BEGIN Data extract
(* Let $R$ be a finite semiring with $0$ and $1$, let $M\in\mathrm{Mat}_m(R)$, and suppose the preperiod $\mathrm{pr}(M)$ exists. Let $n\ge1$, let $b_0,\dots,b_{n-1}\in\mathbb{N}$ be such that the integer circulant matrix $B=\mathrm{Circ}(b_0,\dots,b_{n-1})$ satisfies $\det(B)\neq 0$, and let $v=(M^{b_0},\dots,M^{b_{n-1}})$. Let $A=\mathrm{Circ}(a_0,\dots,a_{n-1})\in\mathrm{Circ}_n(\mathbb{N})$ satisfy $$\sum_{i=0}^{n-1} a_i\, b_{i+k}\le \mathrm{pr}(M)-1\quad\text{for every }k=0,\dots,n-1$$ (indices modulo $n$). Then for $X\in\mathrm{Circ}_n(\mathbb{N})$, $Xv=Av$ holds if and only if $X=A$.
   Context: $\mathrm{Circ}(c_0,\dots,c_{n-1})$ denotes the $n\times n$ matrix with $(i,j)$ entry $c_{(i-j)\bmod n}$ ($0\le i,j\le n-1$), and $\mathrm{Circ}_n(\mathbb{N})$ is the set of such matrices with entries in $\mathbb{N}=\{0,1,2,\dots\}$. For $C=\mathrm{Circ}(c_0,\dots,c_{n-1})\in\mathrm{Circ}_n(\mathbb{N})$ and a tuple $w=(w_0,\dots,w_{n-1})$ of pairwise commuting elements of a monoid, $Cw$ is the tuple with $(Cw)_i=\prod_{j=0}^{n-1} w_j^{\,c_{j-i}}$ (indices mod $n$, $w^0$ the identity); here the entries of $v$ are powers of $M$, hence commute. A semiring is a set with two associative operations $+,\cdot$, $\cdot$ distributing over $+$ on both sides; $R$ is additively commutative with $0$ and $1$. For $g$ in a finite monoid, the preperiod $\mathrm{pr}(g)$ is the largest non-negative integer $m$ such that $g^k\neq g^m$ for all $k>m$ (exponents in $\mathbb{N}$); ''exists'' means such an $m$ exists. *)

From mathcomp Require Import all_boot all_order all_algebra.
Set Implicit Arguments. Unset Strict Implicit. Unset Printing Implicit Defensive.
Import GRing.Theory.

Definition circ (n : nat) (c : n.-tuple nat) : 'M[nat]_n :=
  \matrix_(i < n, j < n) nth 0%N c ((i + n - j) %% n).

(* Action of a nat-matrix C on a tuple w of (commuting) elements of a
   semiring:  (C w)_i = prod_j w_j ^ (C j i)  (= w_j^{c_{j-i}} for C circulant). *)
Definition circ_act (S : pzSemiRingType) (n : nat) (C : 'M[nat]_n)
  (w : 'I_n -> S) : {ffun 'I_n -> S} :=
  [ffun i => (\prod_(j < n) (w j) ^+ (C j i))%R].

Definition is_preperiod (S : pzSemiRingType) (g : S) (p : nat) : Prop :=
  (forall k, (p < k)%N -> (g ^+ k)%R <> (g ^+ p)%R) /\
  (forall q, (forall k, (q < k)%N -> (g ^+ k)%R <> (g ^+ q)%R) -> (q <= p)%N).

From mathcomp Require Import all_boot all_order all_algebra zify.
Set Implicit Arguments. Unset Strict Implicit. Unset Printing Implicit Defensive.
Import GRing.Theory.
Local Open Scope ring_scope.

(* Every entry of [C v] is a power of M: (C v)_k = M ^+ e_k with e = b^T C.
   The bound on A keeps e(A) below pr(M), where k |-> M ^+ k is injective, so
   X v = A v forces e(X) = e(A).  Then B^T X and B^T A are circulant matrices
   with the same first row, hence equal, and det B <> 0 cancels B^T. *)

(* The ring 'I_n.+1 is Z/nZ, so circulant indices are ring differences. *)
Lemma circE n (c : n.+1.-tuple nat) (i j : 'I_n.+1) : circ c i j = nth 0%N c (i - j)%R.
Proof.
rewrite mxE; congr nth.
by rewrite /GRing.opp /GRing.add /= modnDmr addnBA // ltnW.
Qed.

Definition is_circulant (T : Type) n (A : 'M[T]_n.+1) :=
  forall i j r : 'I_n.+1, A (i + r) (j + r) = A i j.

Lemma circ_circulant n (c : n.+1.-tuple nat) : is_circulant (circ c).
Proof. by move=> i j r; rewrite !circE opprD addrACA subrr addr0. Qed.

Lemma map_circulant (T U : Type) (f : T -> U) n (A : 'M[T]_n.+1) :
  is_circulant A -> is_circulant (map_mx f A).
Proof. by move=> cA i j r; rewrite !mxE cA. Qed.

Lemma trmx_circulant (T : Type) n (A : 'M[T]_n.+1) :
  is_circulant A -> is_circulant A^T.
Proof. by move=> cA i j r; rewrite !mxE cA. Qed.

Lemma mulmx_circulant (R : pzSemiRingType) n (A B : 'M[R]_n.+1) :
  is_circulant A -> is_circulant B -> is_circulant (A *m B).
Proof.
move=> cA cB i j r; rewrite !mxE (reindex_inj (addIr r)) /=.
by apply: eq_bigr => l _; rewrite cA cB.
Qed.

Lemma circulant_row0_eq (T : Type) n (A B : 'M[T]_n.+1) :
  is_circulant A -> is_circulant B -> (forall j, A 0 j = B 0 j) -> A = B.
Proof.
move=> cA cB eq0; apply/matrixP => i j.
by rewrite -[i]add0r -[j](subrK i) cA cB.
Qed.

Lemma trmx_circ_mul_row0 n (b c : n.+1.-tuple nat) (k : 'I_n.+1) :
  ((map_mx Posz (circ b))^T *m map_mx Posz (circ c)) 0 k
  = Posz (\sum_(j < n.+1) nth 0 b j * circ c j k).
Proof.
rewrite mxE (big_morph Posz PoszD (erefl (Posz 0))).
by apply: eq_bigr => j _; rewrite !mxE subn0 modnDr modn_small ?PoszM.
Qed.

Lemma sum_mul_circ_col n (b c : n.+1.-tuple nat) (k : 'I_n.+1) :
  (\sum_(j < n.+1) nth 0 b j * circ c j k =
   \sum_(i < n.+1) nth 0 c i * nth 0 b ((i + k) %% n.+1))%N.
Proof.
rewrite (reindex_inj (addIr k)) /=.
by apply: eq_bigr => i _; rewrite circE addrK mulnC.
Qed.

Lemma det_neq0_mulmxI (R : idomainType) n p (A : 'M[R]_n) (X Y : 'M[R]_(n, p)) :
  \det A != 0 -> A *m X = A *m Y -> X = Y.
Proof.
move=> detA AXY; apply/matrixP => i j.
have /matrixP/(_ i j) := congr1 (mulmx (\adj A)) AXY.
rewrite !mulmxA mul_adj_mx !mul_scalar_mx !mxE.
by move/mulfI; apply.
Qed.

Lemma circ_act_expr (S : pzSemiRingType) n (C : 'M[nat]_n) (g : S) (e : 'I_n -> nat) i :
  circ_act C (fun j => g ^+ e j) i = g ^+ (\sum_j e j * C j i)%N.
Proof.
rewrite ffunE (big_morph (fun k => g ^+ k) (exprD g) (expr0 g)).
by apply: eq_bigr => j _; rewrite exprM.
Qed.

Lemma preperiod_expr_inj (S : pzSemiRingType) (g : S) p e f :
  is_preperiod g p -> (e <= p)%N -> g ^+ f = g ^+ e -> f = e.
Proof.
case=> gp _ le_ep.
have neq d k : (d <= p)%N -> (d < k)%N -> g ^+ k != g ^+ d.
  move=> le_dp lt_dk; apply/eqP => gkd.
  have /gp : (p < k + (p - d))%N by lia.
  by rewrite exprD gkd -exprD subnKC.
move=> gfe; case: (ltngtP f e) => // [lt_fe | lt_ef].
- by move: (neq f e (leq_trans (ltnW lt_fe) le_ep) lt_fe); rewrite gfe eqxx.
- by move: (neq e f le_ep lt_ef); rewrite gfe eqxx.
Qed.

Theorem mainTheorem6 (R : finPzSemiRingType) (m : nat) (M : 'M[R]_m)
  (pr : nat) (Hpr : is_preperiod M pr)
  (n : nat) (Hn : (1 <= n)%N) (b : n.-tuple nat)
  (HdetB : (\det (map_mx (fun x : nat => x%:Z) (circ b)) != 0)%R)
  (a : n.-tuple nat)
  (Ha : forall k : 'I_n,
      ((\sum_(i < n) nth 0%N a i * nth 0%N b ((i + k) %% n)) + 1 <= pr)%N) :
  let v : 'I_n -> 'M[R]_m := fun j => (M ^+ nth 0%N b j)%R in
  forall x : n.-tuple nat,
    circ_act (circ x) v = circ_act (circ a) v <-> circ x = circ a.
Proof.
case: n Hn b HdetB a Ha => // n _ b HdetB a Ha v x.
split=> [/ffunP act_eq|-> //].
have exponent_eq k :
    (\sum_(j < n.+1) nth 0 b j * circ x j k = \sum_(j < n.+1) nth 0 b j * circ a j k)%N.
  have := act_eq k; rewrite /v !circ_act_expr; apply: preperiod_expr_inj Hpr _.
  by rewrite sum_mul_circ_col; apply: leq_trans (Ha k); rewrite leq_addr.
have /matrixP int_eq : map_mx Posz (circ x) = map_mx Posz (circ a).
  pose B := map_mx Posz (circ b).
  have BtC_circulant c : is_circulant (B^T *m map_mx Posz (circ c)).
    by apply: mulmx_circulant; [apply: trmx_circulant|]; apply/map_circulant/circ_circulant.
  apply: (@det_neq0_mulmxI _ _ _ B^T); first by rewrite det_tr.
  by apply: circulant_row0_eq => // k; rewrite !trmx_circ_mul_row0 exponent_eq.
by apply/matrixP => i j; have := int_eq i j; rewrite !mxE => -[].
Qed.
END Data extract
Where a line of the material holds the word "first", copy that line.

   with the same first row, hence equal, and det B <> 0 cancels B^T. *)
  apply: (@det_neq0_mulmxI _ _ _ B^T); first by rewrite det_tr.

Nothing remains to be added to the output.